Of course, it would have been better if a nefarious war had not broken out but, at least today, the Bassone is an oasis of peace!
RESOURCES FROM WASTE
It was customary for the dry cleaners who worked on behalf of third parties to keep a sample of the processed goods for possible disputes, should complaints arise for non-compliance or manufacturing defects.
Once the terms for any complaints expired, the fabric stretches were divided by type and so was for the processing scraps.
The silk was sold directly to the cascamificio (the kind of company that processes usable residues from the processing of another product), to re-enter the cycle as schappe (reusable residue), and the traces of other fibers went to the ragmen of Prato who divided them and transformed them into "new" yarns and fabrics.
This was at least until the wading factory was in operation and the fibers worked were natural and / or artificial ones. The advent of synthetic fibers and their blends has made the separation of the fibers more complicated, difficult and uneconomical, and therefore also the recovery of waste in view of their reuse.
Another destination was the waste of the yarns in the Pessina dyeing house.
The scraps and the expired references made of silk were sold untouched to the cascamificio (as for the fabric scraps).
In this ingenious way, the references of yarns of other nature found new life: using a braiding machine they were coupled and transformed into variously colored cords and used as twine to tie the bundles of skeins to be sent to customers.
The plaiting machine was placed in a room adjacent to the porter's lodge and was put into operation by the night guard: the noise was such as to effectively help keep the vigilante awake.
SATURNISM
The polishers used lead black ink to make the transparencies used to prepare the printing pictures. It was a particular ink in which the lead component contributed to a greater impenetrability to light, to obtain sharper and better-defined photoengraving in minute details.
As is customary, to obtain very fine and subtle details in painting it is necessary to thin the tip of the brush, which painters usually achieve by squeezing the apex of the tips between lips moistened with saliva.
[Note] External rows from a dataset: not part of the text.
Definition cyl_sq_adj (m n : nat) (s t : sq m n) : bool :=
  ((s.1 == t.1) && ((t.2 == ordS s.2) || (s.2 == ordS t.2))) ||
  ((s.2 == t.2) && ((t.1.+1 == s.1 :> nat) || (s.1.+1 == t.1 :> nat))).

Definition tor_sq_adj (m n : nat) (s t : sq m n) : bool :=
  ((s.1 == t.1) && ((t.2 == ordS s.2) || (s.2 == ordS t.2))) ||
  ((s.2 == t.2) && ((t.1 == ordS s.1) || (s.1 == ordS t.1))).

Definition domino (m n : nat) (adj : rel (sq m n)) (D : {set sq m n}) : bool :=
  [exists s, exists t, adj s t && (D == [set s; t])].

Definition tiling (m n : nat) (adj : rel (sq m n)) (T : {set {set sq m n}}) : Prop :=
  partition T [set: sq m n] /\ (forall D, D \in T -> domino adj D).

Definition hpair (m n : nat) (i i' : 'I_m) (j : 'I_n) : {set {set sq m n}} :=
  [set [set (i, j); (i, ordS j)]; [set (i', j); (i', ordS j)]].
Definition vpair (m n : nat) (i i' : 'I_m) (j : 'I_n) : {set {set sq m n}} :=
  [set [set (i, j); (i', j)]; [set (i, ordS j); (i', ordS j)]].

Definition flip_at (m n : nat) (i i' : 'I_m) (j : 'I_n) (T1 T2 : {set {set sq m n}}) : Prop :=
  (hpair i i' j \subset T1 /\ T2 = (T1 :\: hpair i i' j) :|: vpair i i' j) \/
  (vpair i i' j \subset T1 /\ T2 = (T1 :\: vpair i i' j) :|: hpair i i' j).

Definition cyl_flip (m n : nat) (T1 T2 : {set {set sq m n}}) : Prop :=
  exists (i i' : 'I_m) (j : 'I_n), i.+1 = i' :> nat /\ flip_at i i' j T1 T2.

Definition tor_flip (m n : nat) (T1 T2 : {set {set sq m n}}) : Prop :=
  exists (i : 'I_m) (j : 'I_n), flip_at i (ordS i) j T1 T2.

Definition cyl_flip_bipartite (m n : nat) : Prop :=
  bipartite_on (tiling (@cyl_sq_adj m n)) (@cyl_flip m n).
Definition tor_flip_bipartite (m n : nat) : Prop :=
  bipartite_on (tiling (@tor_sq_adj m n)) (@tor_flip m n).

(* Colour a perfect matching (resp. tiling) by the parity of its intersection
   with a fixed set W of edges (resp. dominoes).  Adjacent vertices differ by
   the boundary of a face (resp. by the two domino pairs of a flip block), so
   the colouring is proper as soon as every face (block) meets W an odd number
   of times.  Horizontal edges (dominoes) in even rows do this for every square
   whose two rows have opposite parity, i.e. always on the cylinder and on the
   torus with m even; symmetrically, even columns work when n is even.  The end
   faces of the capped cylinder need care: for n even, W = vertical edges in
   even columns plus the horizontal edges of column 0 (which meet each square
   twice or not at all) meets each end face once; for n odd the end faces are
   odd cycles, never the symmetric difference of two perfect matchings. *)

From mathcomp Require Import all_boot zify.

Set Implicit Arguments.
Unset Strict Implicit.
Unset Printing Implicit Defensive.

Definition symdiff (T : finType) (A B : {set T}) : {set T} := (A :\: B) :|: (B :\: A).

Lemma in_symdiff (T : finType) (A B : {set T}) x :
  (x \in symdiff A B) = (x \in A) (+) (x \in B).
Proof. by rewrite !inE; case: (x \in A); case: (x \in B). Qed.

Lemma symdiffC (T : finType) (A B : {set T}) : symdiff A B = symdiff B A.
Proof. by rewrite /symdiff setUC. Qed.

Lemma odd_card_symdiffI (T : finType) (A B W : {set T}) :
  odd #|symdiff A B :&: W| = odd #|A :&: W| (+) odd #|B :&: W|.
Proof.
set X := A :&: W; set Y := B :&: W.
have -> : symdiff A B :&: W = (X :|: Y) :\: (X :&: Y).
  by apply/setP => x; rewrite !inE; case: (x \in A); case: (x \in B); case: (x \in W).
have := cardsUI X Y; have := cardsID (X :&: Y) (X :|: Y).
rewrite (setIidPr (subset_trans (subsetIl X Y) (subsetUl X Y))) => <- /(congr1 odd).
by rewrite !oddD => <-; case: (odd _); case: (odd _).
Qed.

Lemma symdiff_replace (T : finType) (A H V : {set T}) :
  H \subset A -> V :&: A \subset H -> symdiff A ((A :\: H) :|: V) = symdiff H V.
Proof.
move=> /subsetP sHA /subsetP sVAH; apply/setP => x; move: (sHA x) (sVAH x).
rewrite !inE; case: (x \in A); case: (x \in H); case: (x \in V) => //=.
- by move=> _ /(_ isT).
- by move=> /(_ isT).
- by move=> /(_ isT).
Qed.

Lemma trivIset_meet_subset (T : finType) (P H V : {set {set T}}) :
  trivIset P -> H \subset P ->
  {in V, forall D : {set T}, exists2 A, A \in H & exists2 s, s \in A & s \in D} ->
  V :&: P \subset H.
Proof.
move=> /trivIsetP triv /subsetP sHP meetH; apply/subsetP => D /setIP [DV DP].
have [A AH [s sA sD]] := meetH D DV.
case: (eqVneq A D) => [<- // | neqAD].
by have := triv A D (sHP A AH) DP neqAD; move/disjointFr/(_ sA); rewrite sD.
Qed.

Lemma card_setI_uniq (T : finType) (s : seq T) (W : {set T}) :
  uniq s -> #|[set x in s] :&: W| = count (mem W) s.
Proof.
move=> s_uniq; have -> : [set x in s] :&: W = [set x in filter (mem W) s].
  by apply/setP => x; rewrite !inE mem_filter andbC.
by rewrite cardsE (card_uniqP _) ?size_filter ?filter_uniq.
Qed.

Lemma card_set4I (T : finType) (a b c d : T) (W : {set T}) :
  uniq [:: a; b; c; d] ->
  #|[set a; b; c; d] :&: W| = (a \in W) + (b \in W) + (c \in W) + (d \in W).
Proof.
move=> abcd_uniq; have -> : [set a; b; c; d] = [set x in [:: a; b; c; d]].
  by apply/setP => x; rewrite !inE !orbA.
by rewrite card_setI_uniq //= !addnA addn0.
Qed.

Lemma card_set2I_xor (T : finType) (a b : T) (W : {set T}) :
  (a \in W) (+) (b \in W) -> #|[set a; b] :&: W| = 1.
Proof.
have ab_uniq : (a \in W) (+) (b \in W) -> uniq [:: a; b].
  by rewrite /= inE andbT; apply: contraTneq => ->; rewrite addbb.
move=> aWxbW; have -> : [set a; b] = [set x in [:: a; b]] by apply/setP => x; rewrite !inE.
by rewrite card_setI_uniq ?ab_uniq //=; move: aWxbW; case: (a \in W); case: (b \in W).
Qed.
Over time, the lead in the ink was absorbed by the body through the digestive system, leading to sometimes severe cases of saturnism (Nausea, vomiting, diarrhea, intense abdominal pain, anemia, jaundice, kidney failure)
DEAFNESS
In the weaving departments, when the looms worked with the shuttles, the continuous and repeated sharp blow inflicted by the swords on the shuttle produced a deafening noise that inevitably generated deafness. Now shuttle looms are almost a thing of the past and the new weft insertion technologies are much less noisy; in addition, protective headphones were also introduced, so today the hearing of the weavers has benefited greatly.
TIN: WASTEWATER AND SILK CHARGE
At least one third of the tin which was used in the processes of mineral loading of silk was lost in the washing waters.
To tell the truth, the tin that flowed freely into Lake Como was not particularly dangerous, as tin is a heavy non-toxic metal (just think of the tinplate of cans used before the enameled strip).
The boys of the early twentieth century generation went to make the slide on the big mud (scivolo sül paltôn, in dialect) referring to the slippery sediment formed by the accumulation of tin hydrates on the mouth of the free discharge of the waste water of the Tintoria Pessina in Cosia.
The recovery of tin was born as a response to an economic problem, given the high value that this metal has always had.
On the other hand, until the 1970s, no one was concerned with ecology and environmental sustainability; indeed, it was considered only an avoidable cost.